Since the first subpixel electrode 191h and the second subpixel
electrode 191l include four subregions having different length
directions of the minute branches, the inclined directions of the
liquid crystal molecules 31 are substantially four directions and
four domains having different alignment directions of the liquid
crystal molecule 31 are formed in the liquid crystal layer 3. As
described above, when the inclined directions of the liquid crystal
molecules 31 are verified, a reference viewing angle of the liquid
crystal display increases.
[0143] The first subpixel electrode 191h and the common electrode
270 form a first liquid crystal capacitor together with the liquid
crystal layer 3 therebetween, and the second subpixel electrode
191l and the common electrode 270 form a second liquid crystal
capacitor together with the liquid crystal layer 3 therebetween to
maintain the voltage applied even after the first and second TFTs
Qh and Ql are turned off.
[0144] The first and second subpixel electrodes 191h and 191l
overlap with the storage electrode line 125 in addition to the
storage electrode 127 to form the first and second storage
capacitors, and the first and second storage capacitors reinforce
voltage storage capacity of the first and second liquid crystal
capacitors, respectively.
[0145] The capacitance electrode 126 and the extension 177c of the
third drain electrode 175c overlap with each other with the gate
insulating layer 140 and the semiconductor layers 157 and 167
therebetween to form the voltage-reducing capacitor Cstd. In an
alternative exemplary embodiment of the invention, the layers 157
and 167, which are disposed between the capacitance electrode 126
and the extension 177c of the third drain electrode 175c forming
the voltage-reducing capacitor Cstd, may be omitted.

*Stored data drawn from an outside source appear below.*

(* Let $\mathfrak{A}$ be a $(\circ,\wedge,\mathsf{A})$-algebra that is representable by partial functions and atomic. Let $\varphi$ be the first-order sentence asserting: for all $a,b,c$, if $a\circ x\le c$ for every atom $x$ with $x\le b$, then $a\circ b\le c$. Then composition in $\mathfrak{A}$ is completely left-distributive over joins if and only if $\mathfrak{A}\models\varphi$.
   Context: A $(\circ,\wedge,\mathsf{A})$-algebra is a set with two binary operations $\circ,\wedge$ and one unary operation $\mathsf{A}$. An algebra of partial functions of this signature is a set of partial functions, with base $X$ the union of all their domains and ranges, closed under: composition $f\circ g=\{(x,z)\mid \exists y\,(x,y)\in f,(y,z)\in g\}$; intersection; antidomain $\mathsf{A}(f)=\{(x,x)\mid x\in X, x\notin\mathrm{dom}(f)\}$. A representation by partial functions is an isomorphism onto such an algebra. The order is $a\le b\iff a\wedge b=a$, with least element $0=\mathsf{A}(a)\circ a$. An atom is a minimal nonzero element; $\mathfrak{A}$ is atomic if every nonzero element is above an atom. Composition is completely left-distributive over joins if for every $a\in\mathfrak{A}$ and every $S\subseteq\mathfrak{A}$ such that $\bigvee S$ exists, $\bigvee\{a\circ s\mid s\in S\}$ exists and equals $a\circ\bigvee S$. *)

From Stdlib Require Import Classical.

Section Alg.
Variables (T : Type) (comp meet : T -> T -> T) (A : T -> T).

Definition le (a b : T) : Prop := meet a b = a.

(* least element 0 = A(a) o a; x is nonzero iff x <> A(x) o x
   (in a representable algebra A(a) o a does not depend on a) *)
Definition zero_of (a : T) : T := comp (A a) a.
Definition nonzero (x : T) : Prop := x <> zero_of x.

Definition atom (x : T) : Prop :=
  nonzero x /\ forall y, le y x -> nonzero y -> y = x.

Definition atomic : Prop :=
  forall a, nonzero a -> exists x, atom x /\ le x a.

Definition is_join (S : T -> Prop) (j : T) : Prop :=
  (forall s, S s -> le s j) /\ (forall u, (forall s, S s -> le s u) -> le j u).

Definition comp_complete_left_distributive : Prop :=
  forall (a : T) (S : T -> Prop) (j : T), is_join S j ->
    is_join (fun y => exists s, S s /\ y = comp a s) (comp a j).

Definition phi : Prop :=
  forall a b c : T,
    (forall x, atom x -> le x b -> le (comp a x) c) -> le (comp a b) c.

(* Representation by partial functions: an injective homomorphism h onto an
   algebra of partial functions (binary relations that are functional) on a
   set X, whose base is the union of domains and ranges. *)
Definition representation (X : Type) (h : T -> X -> X -> Prop) : Prop :=
  let base := fun x : X => exists a y, h a x y \/ h a y x in
  (forall a x y z, h a x y -> h a x z -> y = z) /\
  (forall a b, (forall x y, h a x y <-> h b x y) -> a = b) /\
  (forall a b x z, h (comp a b) x z <-> exists y, h a x y /\ h b y z) /\
  (forall a b x y, h (meet a b) x y <-> h a x y /\ h b x y) /\
  (forall a x y, h (A a) x y <-> x = y /\ base x /\ ~ (exists z, h a x z)).

Definition representable : Prop :=
  exists (X : Type) (h : T -> X -> X -> Prop), representation X h.

End Alg.

From Pilot Require Import Defs.
From Stdlib Require Import Classical.

(* In a representation every element is a partial function and the order is
   inclusion of graphs, so an atom is determined by any one of its pairs: an
   element sharing a pair with an atom contains it.  Hence each atom below a
   join lies below a member of the family, and conversely b is the join of the
   atoms below it (outside that join, the restriction of b to the complement of
   its domain would be nonzero and contain an atom).  The first fact makes
   [phi] yield complete left-distributivity; the second, fed to complete
   left-distributivity, yields [phi]. *)

Section PartialFunctionRepresentation.

Variables (T : Type) (comp meet : T -> T -> T) (A : T -> T).
Variables (X : Type) (h : T -> X -> X -> Prop).

Hypothesis h_functional : forall a x y z, h a x y -> h a x z -> y = z.
Hypothesis h_inj : forall a b, (forall x y, h a x y <-> h b x y) -> a = b.
Hypothesis h_comp : forall a b x z, h (comp a b) x z <-> exists y, h a x y /\ h b y z.
Hypothesis h_meet : forall a b x y, h (meet a b) x y <-> h a x y /\ h b x y.
Hypothesis h_A : forall a x y, h (A a) x y <->
  x = y /\ (exists b z, h b x z \/ h b z x) /\ ~ (exists z, h a x z).

Local Notation le := (le T meet).
Local Notation nonzero := (nonzero T comp A).
Local Notation atom := (atom T comp meet A).

Lemma le_iff_subrel (a b : T) : le a b <-> (forall p q, h a p q -> h b p q).
Proof.
  unfold Defs.le; split.
  - intros E p q H. rewrite <- E in H. apply h_meet in H. tauto.
  - intros H. apply h_inj. intros p q. rewrite h_meet. firstorder.
Qed.

Lemma h_comp_antidomain (a b : T) (p q : X) :
  h (comp (A a) b) p q <-> h b p q /\ ~ (exists r, h a p r).
Proof.
  rewrite h_comp; split.
  - intros [y [Hy Hb]]. apply h_A in Hy as [-> [_ Hy]]. auto.
  - intros [Hb Ha]. exists p. split; [|exact Hb].
    apply h_A. split; [reflexivity|split; [exists b, q; auto | exact Ha]].
Qed.

Lemma nonzero_iff_inhabited (x : T) : nonzero x <-> exists p q, h x p q.
Proof.
  unfold Defs.nonzero, zero_of; split.
  - intros Hx. apply NNPP. intros Hempty. apply Hx, h_inj. intros p q.
    rewrite h_comp_antidomain. split.
    + intros H. exfalso. apply Hempty. exists p, q. exact H.
    + intros [H _]. exfalso. apply Hempty. exists p, q. exact H.
  - intros [p [q H]] E. rewrite E, h_comp_antidomain in H.
    destruct H as [Hpq Hdom]. apply Hdom. exists q. exact Hpq.
Qed.

Lemma le_comp2l (a s t : T) : le s t -> le (comp a s) (comp a t).
Proof.
  rewrite !le_iff_subrel. intros Hst p q. rewrite !h_comp.
  intros [y [H1 H2]]. eauto.
Qed.

Lemma atom_le_of_common_pair (x s : T) (p q : X) :
  atom x -> h x p q -> h s p q -> le x s.
Proof.
  intros [_ Hmin] Hx Hs. apply Hmin.
  - apply le_iff_subrel. intros p' q'. rewrite h_meet. tauto.
  - apply nonzero_iff_inhabited. exists p, q. apply h_meet. auto.
Qed.

Lemma atom_le_join_member (S : T -> Prop) (j x : T) :
  is_join T meet S j -> atom x -> le x j -> exists s, S s /\ le x s.
Proof.
  intros [Hub Hleast] Hx Hxj. apply NNPP. intros Hno.
  (* No member of [S] meets the domain of [x], so [j] avoids it as well. *)
  assert (Hj : le j (comp (A x) j)).
  { apply Hleast. intros s Hs. apply le_iff_subrel. intros p q Hspq.
    assert (Hjpq : h j p q) by (apply (le_iff_subrel s j); auto).
    apply h_comp_antidomain. split; [exact Hjpq|]. intros [z Hxz].
    assert (z = q).
    { apply (h_functional j p); [apply (le_iff_subrel x j) | ]; auto. }
    subst z. apply Hno. exists s. split; [exact Hs|].
    exact (atom_le_of_common_pair x s p q Hx Hxz Hspq). }
  destruct (proj1 (nonzero_iff_inhabited x) (proj1 Hx)) as [p [q Hpq]].
  assert (Hjpq : h j p q) by (apply (le_iff_subrel x j); auto).
  apply (proj1 (le_iff_subrel j _) Hj), h_comp_antidomain in Hjpq as [_ Hdom].
  eauto.
Qed.

Lemma comp_complete_left_distributive_of_phi :
  phi T comp meet A -> comp_complete_left_distributive T comp meet.
Proof.
  intros Hphi a S j Hj. split.
  - intros y [s [Hs ->]]. apply le_comp2l, (proj1 Hj), Hs.
  - intros u Hu. apply Hphi. intros x Hx Hxj.
    destruct (atom_le_join_member S j x Hj Hx Hxj) as [s [Hs Hxs]].
    specialize (Hu (comp a s) (ex_intro _ s (conj Hs eq_refl))).
    rewrite le_iff_subrel in Hu |- *. intros p q Hp.
    apply Hu, (proj1 (le_iff_subrel _ _) (le_comp2l a x s Hxs)), Hp.
Qed.

Hypothesis Hatomic : atomic T comp meet A.

Lemma is_join_atoms_below (b : T) :
  is_join T meet (fun x => atom x /\ le x b) b.
Proof.
  split; [intros s [_ Hs]; exact Hs|].
  intros u Hu. apply le_iff_subrel. intros p q Hb. apply NNPP. intros Hu_pq.
  set (d := comp (A (meet b u)) b).
  assert (Hd_pq : h d p q).
  { apply h_comp_antidomain. split; [exact Hb|]. intros [z Hz].
    apply h_meet in Hz as [Hbz Huz].
    rewrite (h_functional b p z q Hbz Hb) in Huz. contradiction. }
  assert (Hdb : le d b).
  { apply le_iff_subrel. intros p' q'. unfold d.
    rewrite h_comp_antidomain. tauto. }
  destruct (Hatomic d) as [x [Hx Hxd]].
  { apply nonzero_iff_inhabited. eauto. }
  assert (Hxb : le x b).
  { rewrite le_iff_subrel in Hdb, Hxd |- *. auto. }
  assert (Hxu : le x u) by (apply Hu; auto).
  destruct (proj1 (nonzero_iff_inhabited x) (proj1 Hx)) as [p' [q' Hx_pq]].
  pose proof (proj1 (le_iff_subrel x d) Hxd p' q' Hx_pq) as Hd_pq'.
  apply h_comp_antidomain in Hd_pq' as [_ Hdom]. apply Hdom. exists q'. apply h_meet.
  split; [apply (le_iff_subrel x b) | apply (le_iff_subrel x u)]; auto.
Qed.

Lemma phi_of_comp_complete_left_distributive :
  comp_complete_left_distributive T comp meet -> phi T comp meet A.
Proof.
  intros Hcld a b c Hc.
  destruct (Hcld a _ b (is_join_atoms_below b)) as [_ Hleast].
  apply Hleast. intros y [x [[Hx Hxb] ->]]. auto.
Qed.

End PartialFunctionRepresentation.

Theorem mainTheorem15 (T : Type) (comp meet : T -> T -> T) (A : T -> T) :
  representable T comp meet A ->
  atomic T comp meet A ->
  (comp_complete_left_distributive T comp meet <-> phi T comp meet A).
Proof.
  intros [X [h [Hfun [Hinj [Hcomp [Hmeet HA]]]]]] Hatomic. split.
  - exact (phi_of_comp_complete_left_distributive T comp meet A X h
             Hfun Hinj Hcomp Hmeet HA Hatomic).
  - exact (comp_complete_left_distributive_of_phi T comp meet A X h
             Hfun Hinj Hcomp Hmeet HA).
Qed.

[0146] A lower alignment layer (not shown) is on the pixel
electrode 191 and the exposed upper passivation layer 180q. The
lower alignment layer may be a vertical alignment layer.

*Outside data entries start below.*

Lemma ge0_le_integral_lincomb dO (O : measurableType dO) (nu : {measure set O -> \bar R})
    (L A B G : O -> \bar R) (c h : R) :
  (0 <= c)%R -> (0 <= h)%R ->
  measurable_fun setT L -> measurable_fun setT A ->
  measurable_fun setT B -> measurable_fun setT G ->
  (forall w, 0 <= L w) -> (forall w, 0 <= A w) ->
  (forall w, 0 <= B w) -> (forall w, 0 <= G w) ->
  (forall w, L w <= c%:E * A w + c%:E * B w + h%:E * G w) ->
  \int[nu]_w L w <= c%:E * (\int[nu]_w A w + \int[nu]_w B w) + h%:E * \int[nu]_w G w.
Proof.
move=> c0 h0 mL mA mB mG L0 A0 B0 G0 LABG.
have c0E : 0 <= c%:E by rewrite lee_fin.
have h0E : 0 <= h%:E by rewrite lee_fin.
have mcA := measurable_funeM c%:E mA; have mcB := measurable_funeM c%:E mB.
have mhG := measurable_funeM h%:E mG.
have cA0 w : setT w -> 0 <= c%:E * A w by move=> _; rewrite mule_ge0.
have cB0 w : setT w -> 0 <= c%:E * B w by move=> _; rewrite mule_ge0.
have hG0 w : setT w -> 0 <= h%:E * G w by move=> _; rewrite mule_ge0.
have cAB0 w : setT w -> 0 <= c%:E * A w + c%:E * B w.
  by move=> _; rewrite adde_ge0 ?cA0 ?cB0.
rewrite ge0_muleDr ?integral_ge0 //.
rewrite -(ge0_integralZl nu measurableT mA (fun w _ => A0 w) c0E).
rewrite -(ge0_integralZl nu measurableT mB (fun w _ => B0 w) c0E).
rewrite -(ge0_integralZl nu measurableT mG (fun w _ => G0 w) h0E).
rewrite -(ge0_integralD nu measurableT cA0 mcA cB0 mcB).
rewrite -(ge0_integralD nu measurableT cAB0 (emeasurable_funD mcA mcB) hG0 mhG).
apply: ge0_le_integral => //.
exact: emeasurable_funD (emeasurable_funD mcA mcB) mhG.
Qed.

End IntegralBounds.

Section IteratedBound.
Context (R : realType) d (T : measurableType d) dO (O : measurableType dO).
Variables (mu : {measure set T -> \bar R}) (mu_sigma_finite : sigma_finite setT mu).
Variable nu : {measure set O -> \bar R}.
Local Open Scope ereal_scope.

Lemma integral_integral_sqr_sub_powR_norm_le (p : R) (a : O -> R) (b : O * T -> R) :
  (2 <= p)%R -> measurable_fun setT a -> measurable_fun setT b ->
  \int[nu]_w \int[mu]_u ((`|b (w, u)| `^ (p / 2) - `|a w| `^ (p / 2)) ^+ 2)%:E
  <= (dop_const p)%:E * (\int[nu]_w \int[mu]_u (`|b (w, u) - a w| `^ p)%:E
         + \int[nu]_w (\int[mu]_u ((b (w, u) - a w) ^+ 2)%:E) `^ (p / 2))
     + (2^-1)%:E * \int[nu]_w (`|a w| `^ p)%:E.
Proof.
move=> p2 ma mb.
have ma1 : measurable_fun setT (fun z : O * T => a z.1) := measurableT_comp ma measurable_fst.
have mba : measurable_fun setT (fun z : O * T => b z - a z.1)%R by apply: measurable_funB.
have mint (g : O * T -> R) : measurable_fun setT g -> (forall z, 0 <= g z)%R ->
    measurable_fun setT (fun w => \int[mu]_u (g (w, u))%:E).
  move=> mg g0; apply: (measurable_fun_integral_snd mu_sigma_finite
    (g := fun z => (g z)%:E)); first exact/measurable_EFinP.
  by move=> z; rewrite lee_fin.
have mX := mint _ (measurable_funX 2 mba) (fun z => sqr_ge0 _).
apply: ge0_le_integral_lincomb.
- exact: dop_const_ge0.
- by rewrite invr_ge0.
- apply: (mint (fun z => (`|b z| `^ (p / 2) - `|a z.1| `^ (p / 2)) ^+ 2)%R) => [|z].
    by apply/measurable_funX/measurable_funB; exact: measurable_powR_norm.
  exact: sqr_ge0.
- exact: (mint _ (measurable_powR_norm p mba) (fun z => powR_ge0 _ _)).
- exact: measurableT_comp (measurable_poweR _) mX.
- by apply/measurable_EFinP; exact: measurable_powR_norm.
- by move=> w; apply: integral_ge0 => u _; rewrite lee_fin sqr_ge0.
- by move=> w; apply: integral_ge0 => u _; rewrite lee_fin powR_ge0.
- by move=> w; exact: poweR_ge0.
- by move=> w; rewrite lee_fin powR_ge0.
move=> w; apply: integral_sqr_sub_powR_norm_le => //.
exact: measurableT_comp mb (pair1_measurable w).
Qed.

End IteratedBound.

Theorem mainTheorem3 (R : realType) (p : R) : 2 <= p ->
  exists c : R,
  forall (d : measure_display) (T : measurableType d)
         (mu : {measure set T -> \bar R}),
  sigma_finite setT mu ->
  forall (dO : measure_display) (Omega : measurableType dO)
         (P : probability Omega R) (eta : Omega -> config T),
  poisson_process mu P eta ->
  forall f : config T -> R,
  config_measurable_fun f ->
  (\int[P]_w (`|f (eta w)| `^ p)%:E < +oo)%E ->
  (\int[P]_w \int[mu]_u
      ((Dop (fun nu => `|f nu| `^ (p / 2)) (eta w) u) ^+ 2)%:E
   <= c%:E * (\int[P]_w \int[mu]_u (`|Dop f (eta w) u| `^ p)%:E
              + \int[P]_w ((\int[mu]_u ((Dop f (eta w) u) ^+ 2)%:E) `^ (p / 2)))
      + (2^-1)%:E * \int[P]_w (`|f (eta w)| `^ p)%:E)%E.
Proof.
move=> p2; exists (dop_const p) => d T mu mu_sf dO Omega P eta [_ eta_eval _ _] f mf _.
have mf_eta := config_measurable_comp eta_eval mf.
have mf_add := config_measurable_comp (measurable_add_dirac_eval eta_eval) mf.
exact: (integral_integral_sqr_sub_powR_norm_le mu_sf P p2 mf_eta mf_add).
Qed.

[0147] Hereinafter, the common electrode panel 200 will be
described.
[0148] The common electrode 270 is on an insulation substrate 210.
An upper alignment layer (not shown) is on the common electrode
270. The upper alignment layer may be a vertical alignment
layer.
[0149] Polarizers (not shown) are provided at the outer surfaces of
the two display panels 100 and 200, transmissive axes of the two
polarizers are perpendicular to each other and one of the
transmissive axes may be parallel to the gate line 121.

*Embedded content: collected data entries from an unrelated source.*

Lemma block_halving_fine_grid (k : nat) (er : R) :
  (1 <= k)%nat -> q / INR k < q -> q / INR k < er ->
  er = 1 / (8 * (M * exp (2 * M * q) * (4 + C) + 1) * exp (M * (T + 2 * q))) ->
  (forall s t, 0 <= s -> 0 <= t -> Rabs (s - t) < q / INR k -> Rabs (r s - r t) < er) ->
  exists Pk : nat, (1 <= Pk)%nat /\ block_halving a r (q / INR k) k (C * exp (2 * M * q) + 1) Pk.
Proof.
  intros hk1 hhq hher Her Hr.
  pose proof (bound_nonneg a M hM) as hM0.
  destruct (step_pos q k hq hk1) as [hh hqk].
  set (h := q / INR k) in *. set (G := exp (2 * M * q)) in *.
  assert (hG : 1 <= G) by (unfold G; rewrite <- exp_0; apply exp_le_exp; nra).
  destruct (exists_grid_cover T h hT hh) as [L [hL1 hL2]].
  exists (2 * k + L)%nat. split; [lia|].
  intros n0 zeta B hn0 Hz hB Hw.
  destruct (window_growth a r q M h k hh hqk ha_cont hM hr_range n0 zeta B ltac:(lra)
              hn0 ltac:(lra) Hz Hw) as [Hgrow Hincr].
  fold G in Hgrow, Hincr.
  destruct (window_solution a r q M h k hq hh hqk ha_cont hr_cont hM hr_range n0 zeta (G * B)
              (M * h * (G * B)) hn0 ltac:(intros; apply Hgrow; lia) Hincr)
    as [y [Hy [Hyz [Hyinit Hini]]]].
  set (sg := IZR (n0 + Z.of_nat k) * h) in *.
  assert (hsg : 0 <= sg) by (unfold sg; apply Rmult_le_pos; [apply IZR_le; lia | lra]).
  assert (hGB : 0 < G * B) by nra.
  pose proof (Hbound sg y (G * B) hsg Hy hGB Hyinit) as HYb.
  pose proof (Hdecay sg y (G * B) hsg Hy hGB Hyinit) as Hlate.
  replace (/ (4 * G) * (G * B)) with (B / 4) in Hlate by (field; lra).
  assert (Hclose : forall m, (n0 <= m <= n0 + Z.of_nat (2 * k + L))%Z ->
            Rabs (y (IZR m * h) - zeta m) <= B / 4).
  { intros m hm.
    eapply Rle_trans; [apply (shadow_error a r q M h k hq hh hqk ha_cont hM hr_range n0 zeta y
      (M * h * (G * B)) (C * (G * B)) er (L + k) hn0
      ltac:(apply Rmult_le_pos; [apply Rmult_le_pos|]; lra) ltac:(lra) Hz Hy Hyz Hini HYb Hr);
      lia|].
    apply (shadow_budget M G B C (exp (M * (T + 2 * q))) h er);
      [lra | lra | lra | lra | rewrite <- exp_0; apply exp_le_exp; nra | lra | exact Her |].
    assert (0 <= M * h) by (apply Rmult_le_pos; lra).
    pose proof (pow_R1_Rle (1 + M * h) (L + k) ltac:(lra)).
    pose proof (pow_step_le_exp M h (L + k) hM0 hh).
    assert (exp (M * (INR (L + k) * h)) <= exp (M * (T + 2 * q)))
      by (apply exp_le_exp; rewrite plus_INR; nra).
    lra. }
  split.
  - intros m hm. destruct (Z.le_gt_cases m (n0 + Z.of_nat k + 1)) as [c|c];
      [eapply Rle_trans; [apply Hgrow; lia | nra]|].
    assert (hm_sg : sg - q <= IZR m * h)
      by (unfold sg; apply Rle_trans with (IZR m * h - q);
          [apply Rplus_le_compat_r, Rmult_le_compat_r; [lra | apply IZR_le; lia] | lra]).
    pose proof (HYb _ hm_sg). pose proof (Hclose m ltac:(lia)).
    pose proof (Rabs_triang_inv (zeta m) (y (IZR m * h))).
    rewrite (Rabs_minus_sym (zeta m)) in *. nra.
  - intros m hm.
    assert (hm_T : sg + T <= IZR m * h).
    { assert (IZR (n0 + Z.of_nat k) + INR L <= IZR m)
        by (rewrite INR_IZR_INZ, <- plus_IZR; apply IZR_le; lia).
      unfold sg. nra. }
    pose proof (Hlate _ hm_T). pose proof (Hclose m ltac:(lia)).
    pose proof (Rabs_triang_inv (zeta m) (y (IZR m * h))).
    rewrite (Rabs_minus_sym (zeta m)) in *. lra.
Qed.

[0150] The liquid crystal layer 3 has negative dielectric
anisotropy and the liquid crystal molecules 31 of the liquid
crystal layer 3 are aligned so that a longitudinal axis thereof is
vertical (e.g., perpendicular) to the surfaces of the two display
panels 100 and 200 while the electric field is not applied.
Accordingly, incident light may not transmit through crossed
polarizers and is blocked while the electric field is not
applied.
[0151] As described above, since the first subpixel electrode 191h
and the second subpixel electrode 191l to which the data voltage is
applied generate the electric field together with the common
electrode 270 of the common electrode panel 200, the liquid crystal
molecules 31 of the liquid crystal layer 3, which are aligned so as
to be substantially vertical (e.g., perpendicular) to the surfaces
of the two electrodes 191 and 270 while the electric field is not
applied, are inclined in a horizontal direction (e.g., parallel) to
the surfaces of the two electrodes 191 and 270 and the luminance of
the light transmitting the liquid crystal layer 3 varies according
to the inclined degree of the liquid crystal molecules 31.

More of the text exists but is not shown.